La maladie parodontale, également appelée parodontite ou déchaussement des dents, est une maladie infectieuse et inflammatoire qui détruit progressivement les tissus de soutien des dents : la gencive, le ligament parodontal et l’os alvéolaire.
Sans traitement, elle peut entraîner une mobilité dentaire, puis la perte des dents, même lorsque celles-ci ne présentent aucune carie.
Quelles sont les causes du déchaussement des dents ?
La principale cause de la maladie parodontale est l’accumulation de bactéries présentes dans la plaque dentaire et le tartre.
Lorsque ces bactéries ne sont pas éliminées efficacement, elles provoquent une inflammation de la gencive. Cette inflammation entraîne la formation de poches parodontales entre la dent et la gencive, créant un environnement favorable au développement de bactéries encore plus agressives.
Un véritable cercle vicieux s’installe alors :
- Accumulation de bactéries
- Inflammation de la gencive
- Formation de poches parodontales
- Développement de nouvelles bactéries
- Destruction progressive de l’os et des tissus de soutien
La maladie évolue souvent lentement et sans douleur pendant plusieurs années. C’est pourquoi un diagnostic précoce est essentiel pour préserver les dents et les tissus de soutien.
Quels sont les symptômes de la maladie parodontale ?
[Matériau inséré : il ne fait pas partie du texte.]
(* Let $a<b$ and let $H\subseteq\mathbb{R}^2$ be a functionally connected set such that $[a,b]\subseteq\mathrm{pr}_1[H]$. Let $h\colon[a,b]\to\mathbb{R}$ be a continuous function whose graph is included in $H$, and let $u,v\in\mathbb{R}$ be such that $(a,u),(b,v)\in H$. Then for every open interval $J$ such that $u,v\in J$ and $\mathrm{rng}(h)\subseteq J$, there exists a continuous function $g\colon[a,b]\to J$ whose graph is included in $H$, with $g(a)=u$ and $g(b)=v$.
   Context: $\mathrm{pr}_1[H]$ is the projection of $H$ to the first coordinate. A set $H\subseteq\mathbb{R}^2$ is functionally connected if for any two points $(x_1,y_1),(x_2,y_2)\in H$ with $x_1\neq x_2$ there exists a continuous function $h$ on the closed interval with endpoints $x_1,x_2$ such that $h(x_1)=y_1$, $h(x_2)=y_2$, and the graph of $h$ is included in $H$. *)

From Stdlib Require Import Reals.
From Coquelicot Require Import Rbar.
Open Scope R_scope.

Definition continuous_on_cc (h : R -> R) (a b : R) : Prop :=
  forall x, a <= x <= b ->
    forall eps, 0 < eps -> exists delta, 0 < delta /\
      forall y, a <= y <= b -> Rabs (y - x) < delta -> Rabs (h y - h x) < eps.

Definition graph_in (h : R -> R) (a b : R) (H : R -> R -> Prop) : Prop :=
  forall x, a <= x <= b -> H x (h x).

Definition functionally_connected (H : R -> R -> Prop) : Prop :=
  forall x1 y1 x2 y2, H x1 y1 -> H x2 y2 -> x1 <> x2 ->
    exists h : R -> R,
      continuous_on_cc h (Rmin x1 x2) (Rmax x1 x2) /\
      h x1 = y1 /\ h x2 = y2 /\
      graph_in h (Rmin x1 x2) (Rmax x1 x2) H.

Definition pr1 (H : R -> R -> Prop) (x : R) : Prop := exists y, H x y.

Definition in_open_interval (c d : Rbar) (y : R) : Prop :=
  Rbar_lt c (Finite y) /\ Rbar_lt (Finite y) d.

(** Write J for the open interval (c, d). A path of [H] starting at (a, u)
    stays in J on some [a, x1]. Let k be a path of [H] from (a, u) to
    (x1, h x1); the pointwise median of the first path, [h] and k is
    continuous, its value at each x is the ordinate of a point of [H] above x,
    and it lies between two values in J, hence in J; it equals u at a and h x1
    at x1. The same is done near b, and [h] is kept in between. *)

From Stdlib Require Import Reals Lra.
From Coquelicot Require Import Rbar Rcomplements.
Open Scope R_scope.

Lemma Rmax_lipschitz x y x' y' :
  Rabs (Rmax x y - Rmax x' y') <= Rmax (Rabs (x - x')) (Rabs (y - y')).
Proof.
  pose proof (Rmax_l (Rabs (x - x')) (Rabs (y - y'))) as Hx.
  pose proof (Rmax_r (Rabs (x - x')) (Rabs (y - y'))) as Hy.
  revert Hx Hy; generalize (Rmax (Rabs (x - x')) (Rabs (y - y'))); intros M Hx Hy.
  apply Rabs_le_between in Hx, Hy; apply Rabs_le_between.
  unfold Rmax; destruct (Rle_dec x y), (Rle_dec x' y'); lra.
Qed.

Lemma Rmin_lipschitz x y x' y' :
  Rabs (Rmin x y - Rmin x' y') <= Rmax (Rabs (x - x')) (Rabs (y - y')).
Proof.
  pose proof (Rmax_l (Rabs (x - x')) (Rabs (y - y'))) as Hx.
  pose proof (Rmax_r (Rabs (x - x')) (Rabs (y - y'))) as Hy.
  revert Hx Hy; generalize (Rmax (Rabs (x - x')) (Rabs (y - y'))); intros M Hx Hy.
  apply Rabs_le_between in Hx, Hy; apply Rabs_le_between.
  unfold Rmin; destruct (Rle_dec x y), (Rle_dec x' y'); lra.
Qed.

Lemma continuous_on_cc_lipschitz2 (phi : R -> R -> R) f g a b :
  (forall x y x' y', Rabs (phi x y - phi x' y') <= Rmax (Rabs (x - x')) (Rabs (y - y'))) ->
  continuous_on_cc f a b -> continuous_on_cc g a b ->
  continuous_on_cc (fun t => phi (f t) (g t)) a b.
Proof.
  intros Hphi Hf Hg x Hx eps Heps.
  destruct (Hf x Hx eps Heps) as [df [Hdf Pf]].
  destruct (Hg x Hx eps Heps) as [dg [Hdg Pg]].
  exists (Rmin df dg); split; [now apply Rmin_case|].
  intros y Hy Hyx.
  pose proof (Rmin_l df dg); pose proof (Rmin_r df dg).
  eapply Rle_lt_trans; [apply Hphi|].
  apply Rmax_lub_lt; [apply Pf | apply Pg]; auto; lra.
Qed.

Lemma continuous_on_cc_subinterval f a b a' b' :
  continuous_on_cc f a b -> a <= a' -> b' <= b -> continuous_on_cc f a' b'.
Proof.
  intros Hf Ha Hb x Hx eps Heps.
  destruct (Hf x ltac:(lra) eps Heps) as [delta [Hdelta P]].
  exists delta; split; [exact Hdelta|].
  intros y Hy; apply P; lra.
Qed.

Lemma continuous_on_cc_glue g1 g2 a m b :
  continuous_on_cc g1 a m -> continuous_on_cc g2 m b -> g1 m = g2 m ->
  continuous_on_cc (fun t => if Rle_dec t m then g1 t else g2 t) a b.
Proof.
  intros C1 C2 E x Hx eps Heps.
  destruct (Rtotal_order x m) as [Hxm|[<-|Hxm]].
  - destruct (C1 x ltac:(lra) eps Heps) as [delta [Hdelta P]].
    exists (Rmin delta (m - x)); split; [apply Rmin_case; lra|].
    intros y Hy Hyx.
    pose proof (Rmin_l delta (m - x)); pose proof (Rmin_r delta (m - x)).
    apply Rabs_lt_between' in Hyx as Hyx'.
    destruct (Rle_dec y m), (Rle_dec x m); try lra.
    apply P; lra.
  - destruct (C1 x ltac:(lra) eps Heps) as [d1 [Hd1 P1]].
    destruct (C2 x ltac:(lra) eps Heps) as [d2 [Hd2 P2]].
    exists (Rmin d1 d2); split; [apply Rmin_case; lra|].
    intros y Hy Hyx.
    pose proof (Rmin_l d1 d2); pose proof (Rmin_r d1 d2).
    destruct (Rle_dec y x), (Rle_dec x x); try lra.
    + apply P1; lra.
    + rewrite E; apply P2; lra.
  - destruct (C2 x ltac:(lra) eps Heps) as [delta [Hdelta P]].
    exists (Rmin delta (x - m)); split; [apply Rmin_case; lra|].
    intros y Hy Hyx.
    pose proof (Rmin_l delta (x - m)); pose proof (Rmin_r delta (x - m)).
    apply Rabs_lt_between' in Hyx as Hyx'.
    destruct (Rle_dec y m), (Rle_dec x m); try lra.
    apply P; lra.
Qed.

Lemma in_open_interval_between c d y1 y2 z :
  in_open_interval c d y1 -> in_open_interval c d y2 -> y1 <= z <= y2 ->
  in_open_interval c d z.
Proof.
  unfold in_open_interval; destruct c, d; simpl; intuition lra.
Qed.

Lemma in_open_interval_nbhd c d y : in_open_interval c d y ->
  exists e, 0 < e /\ forall z, Rabs (z - y) < e -> in_open_interval c d z.
Proof.
  intros [Hc Hd].
  exists (Rmin (match c with Finite c => y - c | _ => 1 end)
               (match d with Finite d => d - y | _ => 1 end)).
  destruct c as [c| |], d as [d| |]; simpl in Hc, Hd |- *; try contradiction;
    (split; [apply Rmin_case; lra|]);
    intros z Hz; apply Rabs_lt_between' in Hz;
    match type of Hz with context [Rmin ?p ?q] =>
      pose proof (Rmin_l p q); pose proof (Rmin_r p q) end;
    split; simpl; first [exact I | lra].
Qed.

Lemma continuous_on_cc_in_open_interval_near f a b x c d :
  continuous_on_cc f a b -> a <= x <= b -> in_open_interval c d (f x) ->
  exists delta, 0 < delta /\
    forall y, a <= y <= b -> Rabs (y - x) < delta -> in_open_interval c d (f y).
Proof.
  intros Cf Hx Jfx.
  destruct (in_open_interval_nbhd c d (f x) Jfx) as [e [He Pe]].
  destruct (Cf x Hx e He) as [delta [Hdelta P]].
  exists delta; split; [exact Hdelta|].
  intros y Hy Hyx; apply Pe, P; assumption.
Qed.

Definition median (x y z : R) : R := Rmax (Rmin x y) (Rmin (Rmax x y) z).

Lemma median_case (P : R -> Prop) x y z : P x -> P y -> P z -> P (median x y z).
Proof.
  intros Px Py Pz; unfold median.
  apply Rmax_case; [apply Rmin_case|apply Rmin_case; [apply Rmax_case|]]; assumption.
Qed.

Lemma median_bounds x y z : Rmin x y <= median x y z <= Rmax x y.
Proof.
  unfold median; split; [apply Rmax_l|].
  apply Rmax_lub; [|apply Rmin_l].
  apply Rle_trans with x; [apply Rmin_l|apply Rmax_l].
Qed.

Lemma median_id x y z : Rmin x y <= z <= Rmax x y -> median x y z = z.
Proof.
  intros Hz; unfold median.
  rewrite (Rmin_right (Rmax x y) z) by lra; apply Rmax_right; lra.
Qed.

Lemma continuous_on_cc_median f g k a b :
  continuous_on_cc f a b -> continuous_on_cc g a b -> continuous_on_cc k a b ->
  continuous_on_cc (fun t => median (f t) (g t) (k t)) a b.
Proof.
  intros Cf Cg Ck; unfold median.
  apply (continuous_on_cc_lipschitz2 Rmax); [apply Rmax_lipschitz| |].
  - apply (continuous_on_cc_lipschitz2 Rmin); [apply Rmin_lipschitz|assumption|assumption].
  - apply (continuous_on_cc_lipschitz2 Rmin); [apply Rmin_lipschitz| |assumption].
    apply (continuous_on_cc_lipschitz2 Rmax); [apply Rmax_lipschitz|assumption|assumption].
Qed.

Definition selection (H : R -> R -> Prop) (c d : Rbar) (g : R -> R) (s t : R) : Prop :=
  continuous_on_cc g s t /\ graph_in g s t H /\
  forall x, s <= x <= t -> in_open_interval c d (g x).

Lemma selection_subinterval H c d g s t s' t' :
  selection H c d g s t -> s <= s' -> t' <= t -> selection H c d g s' t'.
Proof.
  intros [Cg [Gg Jg]] Hs Ht; split; [|split].
  - exact (continuous_on_cc_subinterval g s t s' t' Cg Hs Ht).
  - intros x Hx; apply Gg; lra.
  - intros x Hx; apply Jg; lra.
Qed.

Lemma selection_glue H c d g1 g2 s m t :
  selection H c d g1 s m -> selection H c d g2 m t -> g1 m = g2 m ->
  selection H c d (fun x => if Rle_dec x m then g1 x else g2 x) s t.
Proof.
  intros [C1 [G1 J1]] [C2 [G2 J2]] E; split; [|split].
  - exact (continuous_on_cc_glue g1 g2 s m t C1 C2 E).
  - intros x Hx; destruct (Rle_dec x m); [apply G1|apply G2]; lra.
  - intros x Hx; destruct (Rle_dec x m); [apply J1|apply J2]; lra.
Qed.

Lemma selection_crossover H c d f h s t ys yt :
  functionally_connected H -> s < t ->
  selection H c d f s t -> selection H c d h s t ->
  (ys = f s \/ ys = h s) -> (yt = f t \/ yt = h t) ->
  exists g, selection H c d g s t /\ g s = ys /\ g t = yt.
Proof.
  intros hH hst [Cf [Gf Jf]] [Ch [Gh Jh]] Hys Hyt.
  assert (Hs : H s ys) by (destruct Hys as [->| ->]; [apply Gf|apply Gh]; lra).
  assert (Ht : H t yt) by (destruct Hyt as [->| ->]; [apply Gf|apply Gh]; lra).
  destruct (hH s ys t yt Hs Ht ltac:(lra)) as [k [Ck [ks [kt Gk]]]].
  rewrite Rmin_left, Rmax_right in Ck, Gk by lra.
  assert (Hend : forall x y, y = f x \/ y = h x -> Rmin (f x) (h x) <= y <= Rmax (f x) (h x)).
  { intros x y [->| ->]; split; auto using Rmin_l, Rmin_r, Rmax_l, Rmax_r. }
  exists (fun x => median (f x) (h x) (k x)); split; [split; [|split]|split].
  - apply continuous_on_cc_median; assumption.
  - intros x Hx; apply median_case; [apply Gf|apply Gh|apply Gk]; exact Hx.
  - intros x Hx; apply in_open_interval_between with (Rmin (f x) (h x)) (Rmax (f x) (h x)).
    + apply Rmin_case; auto.
    + apply Rmax_case; auto.
    + apply median_bounds.
  - rewrite ks; apply median_id, Hend, Hys.
  - rewrite kt; apply median_id, Hend, Hyt.
Qed.

Lemma selection_patch_left H c d h a b u :
  functionally_connected H -> a < b -> selection H c d h a b ->
  H a u -> in_open_interval c d u ->
  exists x1, a < x1 <= (a + b) / 2 /\
    exists g, selection H c d g a x1 /\ g a = u /\ g x1 = h x1.
Proof.
  intros hH hab Sh hu uJ.
  pose proof Sh as [_ [Gh _]].
  destruct (hH a u b (h b) hu (Gh b ltac:(lra)) ltac:(lra))
    as [f [Cf [fa [_ Gf]]]].
  rewrite Rmin_left, Rmax_right in Cf, Gf by lra.
  destruct (continuous_on_cc_in_open_interval_near f a b a c d Cf ltac:(lra)
              ltac:(rewrite fa; exact uJ)) as [delta [Hdelta Jf]].
  assert (Hx1 : a < Rmin (a + delta / 2) ((a + b) / 2))
    by (apply Rmin_glb_lt; lra).
  pose proof (Rmin_l (a + delta / 2) ((a + b) / 2)).
  pose proof (Rmin_r (a + delta / 2) ((a + b) / 2)).
  set (x1 := Rmin (a + delta / 2) ((a + b) / 2)) in *.
  exists x1; split; [lra|].
  apply (selection_crossover H c d f h a x1); auto; try lra.
  - split; [|split].
    + apply (continuous_on_cc_subinterval f a b); [exact Cf|lra|lra].
    + intros x Hx; apply Gf; lra.
    + intros x Hx; apply Jf; [lra|apply Rabs_lt_between'; lra].
  - apply (selection_subinterval H c d h a b); [exact Sh|lra|lra].
Qed.

Lemma selection_patch_right H c d h a b v :
  functionally_connected H -> a < b -> selection H c d h a b ->
  H b v -> in_open_interval c d v ->
  exists x2, (a + b) / 2 <= x2 < b /\
    exists g, selection H c d g x2 b /\ g x2 = h x2 /\ g b = v.
Proof.
  intros hH hab Sh hv vJ.
  pose proof Sh as [_ [Gh _]].
  destruct (hH a (h a) b v (Gh a ltac:(lra)) hv ltac:(lra))
    as [f [Cf [_ [fb Gf]]]].
  rewrite Rmin_left, Rmax_right in Cf, Gf by lra.
  destruct (continuous_on_cc_in_open_interval_near f a b b c d Cf ltac:(lra)
              ltac:(rewrite fb; exact vJ)) as [delta [Hdelta Jf]].
  assert (Hx2 : Rmax (b - delta / 2) ((a + b) / 2) < b)
    by (apply Rmax_lub_lt; lra).
  pose proof (Rmax_l (b - delta / 2) ((a + b) / 2)).
  pose proof (Rmax_r (b - delta / 2) ((a + b) / 2)).
  set (x2 := Rmax (b - delta / 2) ((a + b) / 2)) in *.
  exists x2; split; [lra|].
  apply (selection_crossover H c d f h x2 b); auto; try lra.
  - split; [|split].
    + apply (continuous_on_cc_subinterval f a b); [exact Cf|lra|lra].
    + intros x Hx; apply Gf; lra.
    + intros x Hx; apply Jf; [lra|apply Rabs_lt_between'; lra].
  - apply (selection_subinterval H c d h a b); [exact Sh|lra|lra].
Qed.

Theorem lemma4p3 (a b : R) (H : R -> R -> Prop) (h : R -> R) (u v : R)
  (hab : a < b)
  (hH : functionally_connected H)
  (hpr : forall x, a <= x <= b -> pr1 H x)
  (hcont : continuous_on_cc h a b)
  (hgraph : graph_in h a b H)
  (hu : H a u) (hv : H b v) :
  forall c d : Rbar,
    in_open_interval c d u -> in_open_interval c d v ->
    (forall x, a <= x <= b -> in_open_interval c d (h x)) ->
    exists g : R -> R,
      continuous_on_cc g a b /\
      (forall x, a <= x <= b -> in_open_interval c d (g x)) /\
      graph_in g a b H /\ g a = u /\ g b = v.
Proof.
  intros c d uJ vJ hJ.
  assert (Sh : selection H c d h a b) by (split; [|split]; assumption).
  destruct (selection_patch_left H c d h a b u hH hab Sh hu uJ)
    as [x1 [Hx1 [g1 [S1 [g1a g1x1]]]]].
  destruct (selection_patch_right H c d h a b v hH hab Sh hv vJ)
    as [x2 [Hx2 [g2 [S2 [g2x2 g2b]]]]].
  set (g23 := fun x => if Rle_dec x x2 then h x else g2 x).
  set (g := fun x => if Rle_dec x x1 then g1 x else g23 x).
  assert (Sg : selection H c d g a b).
  { apply (selection_glue H c d g1 g23 a x1 b); [exact S1| |].
    - apply selection_glue; [apply (selection_subinterval H c d h a b)|exact S2|];
        auto; lra.
    - unfold g23; destruct (Rle_dec x1 x2); [auto|lra]. }
  destruct Sg as [Cg [Gg Jg]].
  exists g; split; [|split; [|split; [|split]]]; auto.
  - unfold g; destruct (Rle_dec a x1); [auto|lra].
  - unfold g, g23; destruct (Rle_dec b x1), (Rle_dec b x2); auto; lra.
Qed.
Les signes d’alerte les plus fréquents sont :
- Saignements des gencives lors du brossage ou spontanés
- Gencives rouges, gonflées ou sensibles
- Mauvaise haleine persistante (halitose)
- Rétraction de la gencive donnant l’impression que les dents s’allongent
- Sensibilité des racines dentaires exposées
- Formation d’abcès ou d’infections récurrentes
- Mobilité des dents
- Déplacement progressif des dents
- Perte spontanée de dents dans les formes avancées
Si vous présentez l’un de ces symptômes, une consultation parodontale est recommandée afin d’évaluer l’état de vos gencives et de votre os de soutien.
Comment traiter une maladie parodontale ?
Le traitement vise à éliminer les bactéries responsables de l’infection et à stopper la progression de la maladie.
La réussite du traitement repose en grande partie sur l’implication du patient et l’adoption de bonnes habitudes d’hygiène bucco-dentaire.
Pour contrôler durablement la maladie parodontale, il est indispensable de :
- Se brosser les dents quotidiennement avec une brosse à dents électrique et une technique adaptée
- Nettoyer les espaces interdentaires à l’aide de brossettes, de fil dentaire ou d’autres dispositifs recommandés par votre praticien
- Respecter les conseils personnalisés donnés lors des séances de suivi
- Arrêter le tabac, facteur majeur d’aggravation des maladies parodontales
Des bains de bouche peuvent être prescrits temporairement dans certaines situations.
Le traitement préventif : le détartrage
Le détartrage permet d’éliminer les dépôts de tartre visibles au-dessus de la gencive.
Même en l’absence de symptômes, il est recommandé de réaliser un détartrage régulier, généralement une à deux fois par an selon votre risque parodontal.
Le traitement curatif : le surfaçage radiculaire
Lorsque la maladie est déjà installée, un simple détartrage n’est généralement pas suffisant.
Le traitement de référence est alors le surfaçage radiculaire, qui consiste à nettoyer en profondeur les racines dentaires et les poches parodontales afin d’éliminer le tartre et les bactéries situés sous la gencive.
Ce traitement permet :
- De réduire l’inflammation
- De diminuer les saignements
- De favoriser la cicatrisation des tissus
- De ralentir ou stopper la destruction osseuse
- De préserver les dents sur le long terme
Dans certains cas plus avancés, des traitements chirurgicaux parodontaux peuvent être envisagés afin d’améliorer l’accès au nettoyage ou de reconstruire les tissus détruits.
Pourquoi consulter rapidement ?
La maladie parodontale est l’une des principales causes de perte des dents chez l’adulte. Plus elle est diagnostiquée tôt, plus les traitements sont simples et efficaces.
Une prise en charge précoce permet de préserver vos dents naturelles, de retrouver des gencives saines et de limiter les traitements plus lourds à l’avenir.